I wonder though whether the pyramid really does speak to where all of our preachers are at. As it stands the pyramid is a defence of making expository preaching primary, doctrinal secondary, and topical an occasional treat.
The reasoning is that only expository preaching can teach people how to read the Bible.
But in my experience among those who do ‘expository’ preaching are at least two broad schools of thought. One group preaches sermons with a fair chunk of exegesis in the sermon, and see teaching exegesis as a key element of what preaching is supposed to do.
The other broad group goes for what I think of as ‘the big idea’ approach. This preaches the idea that is the main thrust of the passage, occasionally going back to the passage to pick up secondary points, but often developing the idea without too close an engagement with the passage.
This latter group seems fairly widespread, but I struggle to see the difference between it and topical preaching. It seems to me that it offers a series of topics that happen to be whatever is touched on by that set of chapters from whatever book is being preached.
That is, in terms of our practice, I think the argument of ‘teaching congregations to read the Bible’ applies only to a subsection of our expositors.
In light of this, I’ve never really understood why there is such a push to make topical rare. It seems to me that in practice we’re quite happy with topical sermons being the heart of a preaching programme - as long as those topics occur in consecutive order in a group of biblical chapters and arose from careful exegetical work done by the preacher before he got into the pulpit.
I think Mark B. is on to something.
I agree with your rough balance in the pyramid Lionel but it presumes a clear distinction between each type of preaching.
For example, it is quite easy for a series on a book of the Bible to end up being a topic or a doctrine (tangentally referred to in the passage) each week.
Great post, and I agree in principle.
I am convinced of the necessity of expository preaching, especially through books of the Bible or certain portions of books that capture the main themes. I wonder, however, if we sometimes give topical preaching more criticism than it deserves.

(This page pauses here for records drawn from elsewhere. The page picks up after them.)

Definition order_preserving n (a : pmap n) : Prop :=
  forall i j (ai aj : 'I_n), a i = Some ai -> a j = Some aj ->
    i <= j -> ai <= aj.

Definition in_OCI n (a : pmap n) : Prop := in_CI a /\ order_preserving a.

(* e_i (paper index i+1): partial identity on Omega_n \ {i}. *)
Definition pe n (i : 'I_n) : pmap n := [ffun j => if j == i then None else Some j].
Definition px n : pmap n := [ffun j : 'I_n => if j.+1 < n then Some (ordS j) else None].
Definition py n : pmap n := [ffun j : 'I_n => if 0 < j then Some (ord_pred j) else None].

Inductive letter (n : nat) := LX | LY | LE of 'I_n.
Arguments LX {n}. Arguments LY {n}.

Definition letter_enc n (c : letter n) : option (option 'I_n) :=
  match c with LX => None | LY => Some None | LE i => Some (Some i) end.
Definition letter_dec n (o : option (option 'I_n)) : letter n :=
  match o with None => LX | Some None => LY | Some (Some i) => LE i end.
Lemma letter_encK n : cancel (@letter_enc n) (@letter_dec n).
Proof. by case. Qed.
HB.instance Definition _ n := Finite.copy (letter n) (can_type (@letter_encK n)).

Definition gen n (c : letter n) : pmap n :=
  match c with LX => px n | LY => py n | LE i => pe i end.

Definition evalw n (f : letter n -> pmap n) (w : seq (letter n)) : pmap n :=
  foldr (fun c acc => pcomp (f c) acc) (pid n) w.

Inductive cgr (A : eqType) (U : seq (seq A * seq A)) : seq A -> seq A -> Prop :=
| cgr_rel u v : (u, v) \in U -> cgr U u v
| cgr_refl u : cgr U u u
| cgr_sym u v : cgr U u v -> cgr U v u
| cgr_trans u v w : cgr U u v -> cgr U v w -> cgr U u w
| cgr_mul u v u' v' : cgr U u v -> cgr U u' v' -> cgr U (u ++ u') (v ++ v').
(* Soundness: every perfect-reformulation step, read in a model, can only lower the
   degree of a query, up to an arbitrarily small loss when an unbound variable is sent
   to an almost optimal existential witness; and evaluating over the FABox is a lower
   bound for evaluating in any model.
   Completeness: the fuzzy chase of the FABox is a model; its negative inclusions hold
   because the chase maps into any model of the (satisfiable) FAKB losing at most
   [eps] per derivation step.  So it suffices to bound the degree in the chase by the
   value [beta] of [fans].  Given a match of a reformulation in the chase with every
   atom above [beta], take the atom whose minimal derivation is deepest and undo its
   last chase step: backwards along an inclusion (a rewriting step), or, when that step
   created an anonymous element shared by two atoms, by unifying them (a reduction
   step).  This decreases the sum of the minimal depths, or keeps it and decreases the
   number of atoms; at depth 0 all atoms are FABox assertions, so some reformulation
   has an FABox answer above [beta], which is absurd. *)

Section SupZero.
Variable R : realType.
Implicit Types (E : set R) (x c : R).

Lemma sup0U_ge0 E : (forall y, E y -> y <= 1) -> 0 <= sup ([set 0] `|` E).
Proof.
move=> E1; apply: ub_le_sup; last by left.
by exists 1 => y [->|/E1].
Qed.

Most of the epistles are occasional documents addressing specific lifestyle and doctrinal needs of a particular congregation or congregations. Yes, they were meant to be circulated, but the original genesis for most the epistles was reports about how they were doing and what kinds of errors they were prone to listen to.

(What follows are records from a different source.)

Lemma trilinear_sqr_le (B : V -> V -> V -> K) :
  (forall v w, lform (fun u => B u v w)) ->
  (forall u v w, B u v w = B v u w) -> (forall u v w, B u v w = B u w v) ->
  (forall u v w, ip u u <= 1 -> ip v v <= 1 -> ip w w <= 1 -> `|B u v w| <= 1) ->
  forall u v w, `|B u v w| ^+ 2 <= ip u u * ip v v * ip w w.
Proof.
move=> B_lin B12 B23 B_le1.
have BZ1 a u v w : B (a *: u) v w = a * B u v w := lformZ (B_lin v w) a u.
have BZ2 a u v w : B u (a *: v) w = a * B u v w by rewrite B12 BZ1 B12.
have BZ3 a u v w : B u v (a *: w) = a * B u v w by rewrite B23 BZ2 B23.
have le1 u v w : ip v v <= 1 -> ip w w <= 1 -> `|B u v w| ^+ 2 <= ip u u.
  move=> v1 w1; rewrite -[ip u u]mul1r.
  apply: (homogeneous_sqr_le (g := fun u => B u v w)) => [a u'|u' u1]; first exact: BZ1.
  by rewrite exprn_ile1 ?B_le1.
have le2 u v w : ip w w <= 1 -> `|B u v w| ^+ 2 <= ip u u * ip v v.
  move=> w1; apply: (homogeneous_sqr_le (g := fun v => B u v w)) => [a v'|v' v1].
    exact: BZ2.
  exact: le1.
move=> u v w; apply: (homogeneous_sqr_le (g := B u v)) => [a w'|w' w1].
  exact: BZ3.
exact: le2.
Qed.

Definition sym_trilinear_le1 (B : V -> V -> V -> K) : Prop :=
  [/\ forall v w, lform (fun u => B u v w),
      forall u v w, B u v w = B v u w,
      forall u v w, B u v w = B u w v
    & forall u v w, `|B u v w| ^+ 2 <= ip u u * ip v v * ip w w].

Definition norming_triple (B : V -> V -> V -> K) (a b c : V) : Prop :=
  [/\ ip a a = 1, ip b b = 1, ip c c = 1 & B a b c = 1].

Section SymTrilinear.
Variable B : V -> V -> V -> K.
Hypothesis B_le1 : sym_trilinear_le1 B.

Lemma trilinC12 u v w : B u v w = B v u w. Proof. by case: B_le1. Qed.
Lemma trilinC23 u v w : B u v w = B u w v. Proof. by case: B_le1. Qed.
Lemma trilinC13 u v w : B u v w = B w v u.
Proof. by rewrite trilinC23 trilinC12 trilinC23. Qed.
Lemma trilin_sqr_le u v w : `|B u v w| ^+ 2 <= ip u u * ip v v * ip w w.
Proof. by case: B_le1. Qed.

The concern I have is that we will be too dogmatic about expositional preaching and fail to see that the epistles addressed ‘topics’ in a way that first laid down doctrine, then applied it to the life of the congregation. This is pastoral wisdom and sensitivity.

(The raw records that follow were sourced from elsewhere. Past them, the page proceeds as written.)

Definition above_in_column (x y : int) (c : Z2) : bool := (c.1 == x + 1) && (y < c.2).

Lemma ray_crossings_right x y a p : path adj_king a p -> (x + 1, y) \notin a :: p ->
  odd (ray_crossings x y a p) (+) odd (ray_crossings (x + 1) y a p) =
  above_in_column x y a (+) above_in_column x y (last a p).
Proof.
elim: p a => [|b p IH] a /=; first by case: (above_in_column x y a).
move=> /andP[Hab Hp]; rewrite inE negb_or => /andP[Ha Hbp].
have Hb : b != (x + 1, y) by move: Hbp; rewrite inE negb_or eq_sym => /andP[].
have step : ray_cross x y a b (+) ray_cross (x + 1) y a b =
            above_in_column x y a (+) above_in_column x y b.
  move: Hab Ha Hb; rewrite eq_sym; case: a b {Hp IH Hbp} => [a1 a2] [b1 b2].
  rewrite /adj_king /ray_cross /above_in_column !xpair_eqE /= => Hab Ha Hb.
  have maxE (u v : int) : (y < Num.max u v) = (y < u) || (y < v) by lia.
  rewrite !maxE.
  case: (a1 =P x) => ?; case: (a1 =P x + 1) => ?; case: (a1 =P x + 1 + 1) => ?;
  case: (b1 =P x) => ?; case: (b1 =P x + 1) => ?; case: (b1 =P x + 1 + 1) => ?;
  case: (y < a2) / boolP => ?; case: (y < b2) / boolP => ? //=; lia.
rewrite !oddD !oddb; move: step (IH b Hp Hbp).
by case: (ray_cross x y a b) (ray_cross (x + 1) y a b) (odd (ray_crossings x y b p))
  (odd (ray_crossings (x + 1) y b p)) (above_in_column x y a)
  (above_in_column x y b) (above_in_column x y (last b p)) => [] [] [] [] [] [] [].
Qed.

Section RayParity.
Variables (x0 x1 : int) (g : Z2) (gs : seq Z2).
Hypotheses (Hg : path adj_king g gs) (g0 : g.1 < x0) (g1 : x1 < (last g gs).1).

Lemma ray_parity_adj_sq q r : adj_sq q r -> x0 <= q.1 <= x1 -> x0 <= r.1 <= x1 ->
  q \notin g :: gs -> r \notin g :: gs -> ray_parity g gs q = ray_parity g gs r.
Proof.
case: q r => [q1 q2] [r1 r2]; rewrite /adj_sq /ray_parity /= => Hqr Hq Hr Nq Nr.
have [E|E] : q1 = r1 \/ q2 = r2 by lia.
  subst r1; have [E|E] : r2 = q2 + 1 \/ q2 = r2 + 1 by lia.
    by subst r2; rewrite (ray_crossings_up Hg Nq Nr).
  by subst q2; rewrite (ray_crossings_up Hg Nr Nq).
subst r2.
have no_col (u : int) : x0 <= u + 1 <= x1 ->
    above_in_column u q2 g = false /\ above_in_column u q2 (last g gs) = false.
  by rewrite /above_in_column; split; lia.
have [E|E] : r1 = q1 + 1 \/ q1 = r1 + 1 by lia.
  subst r1; have [n1 n2] := no_col q1 ltac:(lia).
  have := ray_crossings_right (y := q2) Hg Nr; rewrite n1 n2.
  by case: (odd _); case: (odd _).
subst q1; have [n1 n2] := no_col r1 ltac:(lia).
have := ray_crossings_right (y := q2) Hg Nq; rewrite n1 n2.
by case: (odd _); case: (odd _).
Qed.

Lemma ray_parity_path p ps : path adj_sq p ps ->
  {in p :: ps, forall c : Z2, x0 <= c.1 <= x1} -> {in p :: ps, forall c : Z2, c \notin g :: gs} ->
  ray_parity g gs p = ray_parity g gs (last p ps).
Proof.
elim: ps p => [|r ps IH] p //= /andP[Hpr Hp] Hx Hn.
rewrite (ray_parity_adj_sq Hpr) ?Hx ?Hn ?inE ?eqxx ?orbT //.
by apply: IH => // c Hc; [apply: Hx | apply: Hn]; rewrite inE Hc orbT.
Qed.

End RayParity.

Definition spans (h : Z2 -> int) (lo hi : int) (a : Z2) (p : seq Z2) : Prop :=
  h a < lo /\ hi < h (last a p) \/ hi < h a /\ h (last a p) < lo.

Lemma king_sq_paths_meet_oriented x0 x1 y0 y1 g gs p ps :
  path adj_king g gs -> {in g :: gs, forall c : Z2, y0 <= c.2 <= y1} ->
  g.1 < x0 -> x1 < (last g gs).1 ->
  path adj_sq p ps -> {in p :: ps, forall c : Z2, x0 <= c.1 <= x1} ->
  p.2 < y0 -> y1 < (last p ps).2 ->
  exists2 c, c \in g :: gs & c \in p :: ps.
Proof.
move=> Hg Hgy g0 g1 Hp Hpx p0 p1.
have [/hasP[c Hc Hcg]|/hasPn Hn] := boolP (has (mem (g :: gs)) (p :: ps)).
  by exists c.
have := ray_parity_path Hg g0 g1 Hp Hpx Hn.
rewrite /ray_parity odd_ray_crossings_below //; last first.
  by move=> c /Hgy; lia.
rewrite ray_crossings_above; last by move=> c /Hgy; lia.
have Hx := Hpx p (mem_head _ _).
have -> : (g.1 <= p.1) = true by lia.
by have -> : ((last g gs).1 <= p.1) = false by lia.
Qed.

Lemma king_sq_paths_meet x0 x1 y0 y1 g gs p ps :
  path adj_king g gs -> {in g :: gs, forall c : Z2, y0 <= c.2 <= y1} -> spans fst x0 x1 g gs ->
  path adj_sq p ps -> {in p :: ps, forall c : Z2, x0 <= c.1 <= x1} -> spans snd y0 y1 p ps ->
  exists2 c, c \in g :: gs & c \in p :: ps.
Proof.
have in_rev a s (P : Z2 -> Prop) : {in a :: s, forall c : Z2, P c} ->
    {in last a s :: rev (belast a s), forall c : Z2, P c}.
  by move=> Ps c; rewrite mem_rev_belast; apply: Ps.
have meet_p a s : path adj_king a s -> {in a :: s, forall c : Z2, y0 <= c.2 <= y1} ->
    a.1 < x0 -> x1 < (last a s).1 ->
    path adj_sq p ps -> {in p :: ps, forall c : Z2, x0 <= c.1 <= x1} -> spans snd y0 y1 p ps ->
    exists2 c, c \in a :: s & c \in p :: ps.
  move=> Hg Hgy g0 g1 Hp Hpx [[p0 p1]|[p1 p0]].
    exact: king_sq_paths_meet_oriented Hp Hpx p0 p1.
  have [|c Hcg] := king_sq_paths_meet_oriented Hg Hgy g0 g1
    (path_rev_sym adj_sq_sym Hp) (in_rev _ _ _ Hpx) p0; first by rewrite last_rev_belast.
  by rewrite mem_rev_belast; exists c.
move=> Hg Hgy [[g0 g1]|[g1 g0]]; first exact: meet_p.
move=> Hp Hpx Hps.
have [|c Hcg Hcp] := meet_p _ _ (path_rev_sym adj_king_sym Hg) (in_rev _ _ _ Hgy) g0 _ Hp Hpx Hps.
  by rewrite last_rev_belast.
by exists c; rewrite // -mem_rev_belast.
Qed.

Lemma king_sq_paths_meetT x0 x1 y0 y1 g gs p ps :
  path adj_king g gs -> {in g :: gs, forall c : Z2, x0 <= c.1 <= x1} -> spans snd y0 y1 g gs ->
  path adj_sq p ps -> {in p :: ps, forall c : Z2, y0 <= c.2 <= y1} -> spans fst x0 x1 p ps ->
  exists2 c, c \in g :: gs & c \in p :: ps.
Proof.
move=> Hg Hgx Hgs Hp Hpy Hps.
have swap_in s (P : Z2 -> Prop) : {in s, forall c : Z2, P c} ->
    {in map swapZ2 s, forall c : Z2, P (swapZ2 c)}.
  by move=> Ps c; rewrite mem_map_swapZ2; apply: Ps.
have [||||||c Hcg Hcp] := @king_sq_paths_meet y0 y1 x0 x1 (swapZ2 g) (map swapZ2 gs)
  (swapZ2 p) (map swapZ2 ps).
- by rewrite path_swapZ2 //; apply: adj_king_swap.
- exact: swap_in Hgx.
- by move: Hgs; rewrite /spans last_map.
- by rewrite path_swapZ2 //; apply: adj_sq_swap.
- exact: swap_in Hpy.
- by move: Hps; rewrite /spans last_map.
by exists (swapZ2 c); rewrite -mem_map_swapZ2.
Qed.

(** * Exploration of the interface between open and closed sites *)

Definition addZ2 (u v : Z2) : Z2 := (u.1 + v.1, u.2 + v.2).
Definition subZ2 (u v : Z2) : Z2 := (u.1 - v.1, u.2 - v.2).

Definition front (l r : Z2) : Z2 := (r.2 - l.2, l.1 - r.1).

Section HexExploration.
Variable col : Z2 -> bool.

(* Like the exploration path of site percolation on the hexagonal
   lattice, a step looks at the two sites in front of the pair and replaces one
   of them; the open sites met form a square path, the closed ones a king path,
   and the step can be undone ([hex_backK]), so the exploration never cycles. *)
Definition hex_valid (s : Z2 * Z2) := [&& ~~ col s.1, col s.2 & adj_sq s.1 s.2].

Definition hex_step (s : Z2 * Z2) : Z2 * Z2 :=
  let: (l, r) := s in let la := addZ2 l (front l r) in let ra := addZ2 r (front l r) in
  if col la then (l, la) else if ~~ col ra then (ra, r) else (la, ra).

Definition hex_back (s : Z2 * Z2) : Z2 * Z2 :=
  let: (l, r) := s in let lb := subZ2 l (front l r) in let rb := subZ2 r (front l r) in
  if col lb then (l, lb) else if ~~ col rb then (rb, r) else (lb, rb).

Lemma hex_backK s : ~~ col s.1 -> col s.2 -> hex_back (hex_step s) = s.
Proof.
case: s => l r /= Hl Hr.
set la := addZ2 l (front l r); set ra := addZ2 r (front l r).
have Z2E (u v : Z2) : u.1 = v.1 -> u.2 = v.2 -> u = v by case: u v => ? ? [? ?] /= -> ->.
have [back_la back_r] : subZ2 l (front l la) = r /\ front la ra = front l r.
  by rewrite /la /ra /front /subZ2 /addZ2; split; apply: Z2E => /=; lia.
have [back_ra back_l] : subZ2 ra (front ra r) = la /\ subZ2 r (front ra r) = l.
  by rewrite /la /ra /front /subZ2 /addZ2; split; apply: Z2E => /=; lia.
have back_f u v : subZ2 (addZ2 u v) v = u by apply: Z2E => /=; lia.
rewrite /hex_step -/la -/ra /hex_back.
case: ifP => Hla; first by rewrite back_la Hr.
case: ifP => Hra; first by rewrite back_ra back_l Hla Hl.
by rewrite back_r !back_f (negbTE Hl) Hr.
Qed.

Lemma hex_step_inj s t : hex_valid s -> hex_valid t -> hex_step s = hex_step t -> s = t.
Proof.
move=> /and3P[Hs1 Hs2 _] /and3P[Ht1 Ht2 _] E.
by rewrite -(hex_backK Hs1 Hs2) E hex_backK.
Qed.

Lemma hex_step_valid s : hex_valid s -> hex_valid (hex_step s).
Proof.
case: s => [[a b] [c d]] /and3P[/= H1 H2]; rewrite /hex_step /hex_valid /front /addZ2 /adj_sq /=.
by case: ifP => /= Hla; [|case: ifP => /= Hra]; rewrite ?H1 ?H2 ?Hla ?Hra ?(negbFE Hra) /=; lia.
Qed.

Lemma hex_step_open (S : set Z2) s : hex_valid s ->
  (forall c, ~~ col c -> c \in [:: s.1; addZ2 s.1 (front s.1 s.2); addZ2 s.2 (front s.1 s.2)] -> S c) ->
  connected_in adj_sq S s.1 (hex_step s).1.
Proof.
case: s => l r /and3P[/= Hl _ Hlr] HS; rewrite /hex_step.
have [l_la la_ra] : adj_sq l (addZ2 l (front l r)) /\
    adj_sq (addZ2 l (front l r)) (addZ2 r (front l r)).
  by move: Hlr; case: l r {HS Hl} => [a b] [c d]; rewrite /adj_sq /=; lia.
set la := addZ2 l (front l r) in l_la la_ra *; set ra := addZ2 r (front l r) in la_ra *.
have Sl : S l by apply: HS; rewrite ?inE ?eqxx.
case: ifP => Hla /=; first exact: connected_in_refl.
have Sla : S la by apply: HS; rewrite ?Hla ?inE ?eqxx ?orbT.
have l_to_la := connected_in_adj Sl Sla l_la.
case: ifP => Hra //=.
by apply: connected_in_trans l_to_la (connected_in_adj Sla _ la_ra); apply: HS; rewrite ?inE ?eqxx ?orbT.
Qed.

Lemma hex_step_closed (S : set Z2) s : hex_valid s ->
  (forall c, col c -> c \in [:: s.2; addZ2 s.1 (front s.1 s.2); addZ2 s.2 (front s.1 s.2)] -> S c) ->
  connected_in adj_king S s.2 (hex_step s).2.
Proof.
case: s => l r /and3P[/= _ Hr Hlr] HS; rewrite /hex_step.
have [r_la r_ra] : adj_king r (addZ2 l (front l r)) /\ adj_king r (addZ2 r (front l r)).
  by move: Hlr; case: l r {HS Hr} => [a b] [c d]; rewrite /adj_sq /adj_king /=; lia.
set la := addZ2 l (front l r) in r_la *; set ra := addZ2 r (front l r) in r_ra *.
have Sr : S r by apply: HS; rewrite ?inE ?eqxx.
case: ifP => Hla /=.
  by apply: connected_in_adj Sr _ r_la; apply: HS; rewrite ?inE ?eqxx ?orbT.
case: ifP => Hra /=; first exact: connected_in_refl.
by apply: connected_in_adj Sr _ r_ra; apply: HS; rewrite ?(negbFE Hra) ?inE ?eqxx ?orbT.
Qed.

End HexExploration.

Definition irange (a b : int) : seq int := [seq a + i%:Z | i <- iota 0 (absz (b - a + 1))].

Lemma mem_irange a b z : a <= z <= b -> z \in irange a b.
Proof. by move=> Hz; apply/mapP; exists (absz (z - a)); rewrite ?mem_iota; lia. Qed.

Lemma size_irange a b : size (irange a b) = absz (b - a + 1).
Proof. by rewrite size_map size_iota. Qed.

Section Rectangle.
Variables (x0 x1 y0 y1 : int) (A : set Z2).
Hypotheses (hx : x0 <= x1) (hy : y0 <= y1).

(* The exploration starts at the lower left corner of the rectangle
   [x0, x1] * [y0, y1], in a colouring where the columns on both sides of the
   strip [x0, x1] are closed and, inside the strip, the rows below and above
   the rectangle are open. *)
Definition rect_col (z : Z2) : bool :=
  if x0 <= z.1 <= x1 then (y0 <= z.2 <= y1) && `[< A z >] else true.

Definition in_frame (z : Z2) : bool := (x0 - 1 <= z.1 <= x1 + 1) && (y0 - 1 <= z.2 <= y1 + 1).

Definition exited (s : Z2 * Z2) : bool := (y1 < s.1.2) || (x1 < s.2.1).

Lemma rect_open z : ~~ rect_col z -> x0 <= z.1 <= x1 /\ (y0 <= z.2 <= y1 -> ~ A z).
Proof.
rewrite /rect_col; case: ifP => // xz; rewrite negb_and => H; split => // yz.
by move: H; rewrite yz => /asboolPn.
Qed.

Lemma rect_closed z : rect_col z -> x0 <= z.1 <= x1 -> y0 <= z.2 <= y1 /\ A z.
Proof. by rewrite /rect_col => + xz; rewrite xz => /andP[-> /asboolP]. Qed.

Lemma hex_step_in_frame s : hex_valid rect_col s -> in_frame s.1 -> in_frame s.2 ->
  ~~ exited s -> in_frame (addZ2 s.1 (front s.1 s.2)) && in_frame (addZ2 s.2 (front s.1 s.2)).
Proof.
case: s => l r /and3P[/= /rect_open[Hl _] Hr Hlr] fl fr Hs.
have Hr' : (r.1 < x0) || (x1 < r.1) || (y0 <= r.2 <= y1).
  by move: Hr; rewrite /rect_col; case: ifP => [_ /andP[-> _]|]; [rewrite orbT | lia].
move: Hlr fl fr Hs Hl Hr'; case: l r {Hr} => [a b] [c d].
by rewrite /adj_sq /in_frame /exited /front /addZ2 /=; lia.
Qed.

Definition start : Z2 * Z2 := ((x0, y0 - 1), (x0 - 1, y0 - 1)).
Definition prestart : Z2 * Z2 := ((x0, y0 - 2), (x0 - 1, y0 - 2)).

Lemma start_valid : hex_valid rect_col start.
Proof. by rewrite /hex_valid /rect_col /adj_sq /=; do !case: ifP => /=; lia. Qed.

Lemma prestart_valid : hex_valid rect_col prestart.
Proof. by rewrite /hex_valid /rect_col /adj_sq /=; do !case: ifP => /=; lia. Qed.

Lemma hex_step_prestart : hex_step rect_col prestart = start.
Proof.
rewrite /hex_step /prestart /start /front /addZ2 /rect_col /=.
by do !case: ifP => /=; (lia || (move=> *; congr (_, _); congr (_, _); lia)).
Qed.

Definition explore (k : nat) : Z2 * Z2 := iter k (hex_step rect_col) start.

Let me take a slight tangent: it seems like you’ve used the word ‘teaching’ here to mean ‘sermons on Sunday’. Please don’t let us forget that Bible teaching is *much* bigger than that! For while exegesis (to varying levels of depth) is an important skill for all Christians to learn, we also want to teach them to read the Bible *to apply it to their lives*.
So a lot of our Bible teaching will involve pointing people to Jesus in the mundane — something which doesn’t require a lot of exposition of a text as such. So if I am anxious about a situation at work, I might need a brother or sister to remind me of God’s complete acceptance of me and provision for me in the gospel. I need to be reminded of God’s greatness. This isn’t going to take detailed and lengthy exegesis, but it *is* Bible teaching that encourages me to grow more like Jesus.
Hi Stuart - thanks. I was trying to indicate that I saw teaching as broader than just Sunday preaching when I spoke in my original post about the ‘diet’ of Christian teaching being
However - I can see your point that the emphasis of my post and the comments that follow is geared towards Sunday preaching.
Thanks everyone for your comments - it seems that the pyramid can provide a helpful way of distinguishing between different emphases in our teaching, but that it’s important not to separate these types of teaching to the extent that they become mutually exclusive.